- Title card
- Directed by: T. R. Ramanna
- Screenplay by: Kanagashanmugam
- Starring: Jaishankar Radhika
- Cinematography: J. G. Vijayam Jothi
- Edited by: V. Rajagopal
- Music by: Ilaiyaraaja
- Production company: Sri Ayvar Arts Films
- Release date: 10 April 1981;
- Running time: 111 minutes
- Country: India
- Language: Tamil

= Kanni Theevu =

1981 Tamil Film

Kanni Theevu is a 1981 Indian Tamil-language action thriller film, directed by T. R. Ramanna and produced by Sri Ayvar Arts films. The film stars Jaishankar, Radhika, C. L. Anandan, and Seema. It was released on 10 April 1981.

== Soundtrack ==
The songs were written by Panchu Arunachalam and music composed by Ilaiyaraaja.

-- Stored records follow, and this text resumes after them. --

Lemma a_priori_bound_decoupled R10 R20 : 0 <= R10 -> b = 0 \/ R20 = 0 ->
  a_priori_bound b g R10 R20 (Rabs R10 + Rabs R20).
Proof.
  intros HR Hc tau M x1 x2 Hs t Ht.
  assert (Hz : forall s, 0 < s < tau -> b * x2 s ^ 2 = 0).
  { intros s Hs'. destruct Hc as [-> | ->]; [ring|].
    rewrite (R2_stays_zero b g hg tau M R10 x1 x2 Hs s Hs'). ring. }
  pose proof (riccati_explicit tau M R10 R20 x1 x2 HR Hs Hz) as Hx.
  destruct Hs as [Ho [H1 [H2 [E1 [E2 Hb]]]]].
  assert (x2 t ^ 2 <= x2 0 ^ 2)
    by (apply (R2_sqr_le_initial b g hg tau x1 x2); auto; intros; apply Hx; auto).
  rewrite E2 in H. apply Rabs_le_of_pow2_le in H. destruct (Hx t Ht).
  rewrite (Rabs_pos_eq (x1 t)), (Rabs_pos_eq R10) by lra. pose proof (Rabs_pos R20). lra.
Qed.

(* For b < 0 and nonnegative energy, R1 can never vanish: at a zero of R1 the energy identity
   would read k Y^2 = C Y^p with k < 0 <= C.  So R1 stays positive, hence decreasing, and R2^2 is
   nonincreasing. *)
Lemma a_priori_bound_b_neg R10 R20 : b < 0 -> 0 <= R10 -> R20 <> 0 ->
  0 <= R10 ^ 2 + k * R20 ^ 2 -> a_priori_bound b g R10 R20 (Rabs R10 + Rabs R20).
Proof.
  intros Hb HR Hn HE tau M x1 x2 Hs.
  assert (Hk : k < 0) by (unfold k, Rdiv; assert (0 < / (g - 1)) by (apply Rinv_0_lt_compat; lra); nra).
  assert (HR1 : 0 < R10).
  { destruct (Rle_lt_or_eq_dec _ _ HR) as [|<-]; [auto|]. pose proof (pow2_gt_0 R20 Hn).
    simpl in HE. nra. }
  assert (HC : 0 <= invariant b g R10 R20).
  { unfold invariant. apply Rmult_le_pos; [exact HE| left; apply Rpower_gt_0]. }
  assert (Hx1nz : forall s, 0 < s < tau -> x1 s <> 0).
  { intros s Hs' Hz. destruct (energy_along_solution tau M R10 R20 x1 x2 s Hn Hs Hs') as [HY HEs].
    rewrite Hz in HEs. pose proof (pow_lt _ 2 HY). pose proof (Rpower_gt_0 (Rabs (x2 s)) p).
    assert (0 <= invariant b g R10 R20 * Rpower (Rabs (x2 s)) p) by (apply Rmult_le_pos; lra).
    simpl in HEs. nra. }
  destruct Hs as [Ho [H1 [H2 [E1 [E2 Hbox]]]]].
  assert (Hpos : forall s, 0 < s < tau -> 0 < x1 s).
  { apply positive_of_nonvanishing; [exact H1| lra| |exact Hx1nz].
    intros x Hx. apply (derivable_pt_lim_continuous _ _ _ (proj1 (Ho x Hx))). }
  intros t Ht. split.
  - assert (x1 t <= x1 0).
    { apply (derivable_nonpos_le_initial x1 (fun s => - x1 s ^ 2 + b * x2 s ^ 2) tau); auto.
      - intros s Hs; apply Ho; auto.
      - intros s Hs. pose proof (pow2_ge_0 (x1 s)). pose proof (pow2_ge_0 (x2 s)). nra. }
    specialize (Hpos t Ht). pose proof (Rabs_pos R20).
    rewrite Rabs_right, (Rabs_right R10) by lra. lra.
  - assert (x2 t ^ 2 <= x2 0 ^ 2).
    { apply (R2_sqr_le_initial b g hg tau x1 x2); auto. intros; left; apply Hpos; auto. }
    rewrite E2 in H. apply Rabs_le_of_pow2_le in H. pose proof (Rabs_pos R10). lra.
Qed.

| Title | Singer(s) | Duration |
|---|---|---|
| "Hey Onna Rendaa" | Malaysia Vasudevan, Saibaba, S. P. Sailaja | 4:32 |
| "Ithu Oru Pudhu Vitha" | S. Janaki | 4:23 |
| "Kandane Kandane Kaatil" | Malaysia Vasudevan, S. P. Sailaja | 4:22 |
| "Ponnana Neram Raja" | S. Janaki | 4:05 |

== Reception ==
Nalini Sastry of Kalki called the film an unhealthy child with a mixture of Vitthalacharya style and Hollywood science fiction.